It cited a set of data: in 2025, the total scale of cross-border licensing transactions between US and multinational pharmaceutical companies and Chinese biotechnology companies was about 136 billion US dollars, and about 48% of major pharmaceutical licensing transactions with amounts exceeding 50 million US dollars involved Chinese companies. In 2020, this proportion was almost zero, and this trend is accelerating. In the first quarter of 2026, cross-border licensing transactions increased by 73% compared to the same period last year, almost reaching half of the total number of agreements for the whole year of 2025.


John Moolenaar also specifically cited the recent $15.2 billion transaction between BMS and Hengrui Pharmaceuticals as a typical case, believing that the deal between American pharmaceutical companies and Chinese biotechnology companies has gone beyond the licensing model and entered the joint development stage, involving the joint development of early molecules in both parties' pipelines.


The New York Times has also reported that China has conducted more industry funded clinical trials of new drugs than the United States; The US biotechnology industry is in a slump - all of which exacerbates concerns: Shanghai is approaching the replacement of long-standing biotechnology centers such as Cambridge (Massachusetts) and the San Francisco Bay Area, while drug research and development costs in the US are higher.


In other words, behind this game involving billions of dollars in interests is essentially a struggle for global pharmaceutical innovation dominance.

 


03. Innovation is not a zero sum game


Ironically, the US biopharmaceutical industry itself has a clear understanding of this.


The proposal to expand the scope of this bill immediately sparked a heated debate in the US biopharmaceutical industry: can cutting off the partnership with China maintain US competitiveness? Or is it just depriving patients of the opportunity to access the next generation of therapies?

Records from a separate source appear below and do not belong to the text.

Lemma Arg_im_neg z : snd z < 0 -> Arg z = - (PI / 2) - atan (fst z / snd z).
Proof.
  intro H; unfold Arg, Re, Im.
  destruct (Rlt_dec 0 (fst z)); [|destruct (Rlt_dec (fst z) 0)].
  - replace (snd z / fst z) with (/ (fst z / snd z)) by (field; lra).
    apply atan_inv_neg, Rdiv_pos_neg; lra.
  - destruct (Rle_dec 0 (snd z)); [lra|].
    replace (snd z / fst z) with (/ (fst z / snd z)) by (field; lra).
    rewrite atan_inv by (apply Rdiv_neg_neg; lra); lra.
  - destruct (Rlt_dec 0 (snd z)); [lra|]; destruct (Rlt_dec (snd z) 0); [|lra].
    replace (fst z) with 0 by lra; unfold Rdiv; rewrite Rmult_0_l, atan_0; ring.
Qed.

Lemma sqrt_sum_sq_factor a b : b <> 0 -> sqrt (a ^ 2 + b ^ 2) = Rabs b * sqrt (1 + (a / b)²).
Proof.
  intro Hb.
  replace (a ^ 2 + b ^ 2) with (b² * (1 + (a / b)²)) by (unfold Rsqr; field; exact Hb).
  rewrite sqrt_mult, sqrt_Rsqr_abs by (pose proof (Rle_0_sqr (a / b)); apply Rle_0_sqr || lra).
  reflexivity.
Qed.

Lemma Cmod_cos_sin_Arg z : in_slit_plane z ->
  Cmod z * cos (Arg z) = fst z /\ Cmod z * sin (Arg z) = snd z.
Proof.
  intro Hz; unfold Cmod.
  assert (Hs : forall t, 0 < sqrt (1 + t²))
    by (intro t; apply sqrt_lt_R0; pose proof (Rle_0_sqr t); lra).
  destruct (Rlt_dec 0 (fst z)) as [Ha|Ha].
  - rewrite Arg_re_pos, Rplus_comm, sqrt_sum_sq_factor, cos_atan, sin_atan, Rabs_right by lra.
    pose proof (Hs (snd z / fst z)); split; field; lra.
  - destruct Hz as [Hz|Hz]; [lra|].
    rewrite sqrt_sum_sq_factor by exact Hz; pose proof (Hs (fst z / snd z)).
    destruct (Rlt_dec 0 (snd z)).
    + rewrite Arg_im_pos, cos_minus, sin_minus, cos_PI2, sin_PI2, cos_atan, sin_atan,
        Rabs_right by lra.
      split; field; lra.
    + rewrite Arg_im_neg by lra.
      replace (- (PI / 2) - atan (fst z / snd z)) with (- (PI / 2 + atan (fst z / snd z))) by ring.
      rewrite cos_neg, sin_neg, cos_plus, sin_plus, cos_PI2, sin_PI2, cos_atan, sin_atan,
        Rabs_left by lra.
      split; field; lra.
Qed.

Lemma in_slit_plane_neq_0 z : in_slit_plane z -> z <> RtoC 0.
Proof. intros [H|H] E; subst z; simpl in H; lra. Qed.

Lemma Cpowr_succ z a : in_slit_plane z -> Cpowr z (a + 1) = Cmult z (Cpowr z a).
Proof.
  intro Hz; destruct (Cmod_cos_sin_Arg z Hz) as [Hc Hs].
  assert (Hm : 0 < Cmod z) by (apply Cmod_gt_0, in_slit_plane_neq_0, Hz).
  unfold Cpowr.
  replace ((a + 1) * ln (Cmod z)) with (a * ln (Cmod z) + ln (Cmod z)) by ring.
  replace ((a + 1) * Arg z) with (a * Arg z + Arg z) by ring.
  rewrite exp_plus, exp_ln, cos_plus, sin_plus by exact Hm.
  apply injective_projections; simpl; rewrite <- Hc, <- Hs; ring.
Qed.

Lemma Cpowr_1 a : Cpowr (RtoC 1) a = RtoC 1.
Proof.
  unfold Cpowr, Cmod, Arg, Re, Im; simpl.
  replace (1 * (1 * 1) + 0 * (0 * 1)) with 1 by ring; rewrite sqrt_1, ln_1.
  destruct (Rlt_dec 0 1); [|lra]; unfold Rdiv; rewrite Rmult_0_l, atan_0.
  rewrite !Rmult_0_r, exp_0, cos_0, sin_0; apply injective_projections; simpl; ring.
Qed.

Lemma continuous_locally_pos (f : R -> R) r :
  continuous f r -> 0 < f r -> locally r (fun t => 0 < f t).
Proof. intros Hf Hr; apply (Hf (fun y => 0 < y)), open_gt, Hr. Qed.

Lemma continuous_locally_neg (f : R -> R) r :
  continuous f r -> f r < 0 -> locally r (fun t => f t < 0).
Proof. intros Hf Hr; apply (Hf (fun y => y < 0)), open_lt, Hr. Qed.

Lemma Cdiv_fst u z : fst (Cdiv u z) = (fst z * fst u + snd z * snd u) / (fst z ^ 2 + snd z ^ 2).
Proof. unfold Cdiv, Cinv; simpl; unfold Rdiv; ring. Qed.

Lemma Cdiv_snd u z : snd (Cdiv u z) = (fst z * snd u - snd z * fst u) / (fst z ^ 2 + snd z ^ 2).
Proof. unfold Cdiv, Cinv; simpl; unfold Rdiv; ring. Qed.

Section Segment.
Variable x : C.
Let w := Cminus x (RtoC 1).

Lemma seg_0 : seg x 0 = RtoC 1.
Proof. unfold seg; apply injective_projections; simpl; ring. Qed.

Lemma seg_1 : seg x 1 = x.
Proof. unfold seg; apply injective_projections; simpl; ring. Qed.

Lemma seg_fst t : fst (seg x t) = 1 + t * fst w.
Proof. unfold seg, w; simpl; ring. Qed.

Lemma seg_snd t : snd (seg x t) = t * snd w.
Proof. unfold seg, w; simpl; ring. Qed.

Lemma is_derive_C_seg r : is_derive_C (seg x) r w.
Proof.
  split; [apply (is_derive_ext (fun t => 1 + t * fst w)) | apply (is_derive_ext (fun t => t * snd w))];
    try (intro t; symmetry; apply seg_fst || apply seg_snd);
    auto_derive; auto; unfold w; simpl; ring.
Qed.

Lemma in_slit_plane_seg : (forall s, 0 <= s <= 1 -> seg x s <> RtoC 0) ->
  forall s, 0 <= s <= 1 -> in_slit_plane (seg x s).
Proof.
  intros Hz s Hs; unfold in_slit_plane; rewrite seg_fst, seg_snd.
  destruct (Req_dec (snd w) 0) as [H0|H0]; [left|].
  - (* on the real axis the segment would pass through 0 at [s = 1 / (1 - x)] *)
    destruct (Rlt_dec 0 (1 + s * fst w)) as [Hp|Hp]; [exact Hp|exfalso].
    apply Rnot_lt_le in Hp.
    assert (Hw0 : fst w < 0) by nra.
    assert (Hw1 : fst w <= -1) by (assert (fst w * (1 - s) <= 0) by nra; nra).
    apply (Hz (/ (- fst w))).
    + split; [apply Rlt_le, Rinv_0_lt_compat; lra|].
      rewrite <- Rinv_1; apply Rinv_le_contravar; lra.
    + apply injective_projections; [rewrite seg_fst | rewrite seg_snd, H0];
        change (fst (RtoC 0)) with 0; change (snd (RtoC 0)) with 0; field; lra.
  - destruct (Req_dec s 0) as [->|Hs0]; [left; lra|right].
    now apply Rmult_integral_contrapositive.
Qed.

Biotechnology entrepreneur John Maraganore bluntly stated that the decline in US biotechnology competitiveness is rooted in its own policy mistakes - such as cuts in NIH funding, unstable FDA policies, H1B visa restrictions, anti science sentiment, etc., rather than US China cooperation.


John Crowley, CEO of BIO, a biotechnology industry organization in the United States, also pointed out that attempting to prevent the development of biotechnology in China is a "futile move". The United States should reflect on its own shortcomings and enhance competitiveness through reducing clinical research and development costs, optimizing innovation incentive policies, and other means, rather than cutting off global cooperation links.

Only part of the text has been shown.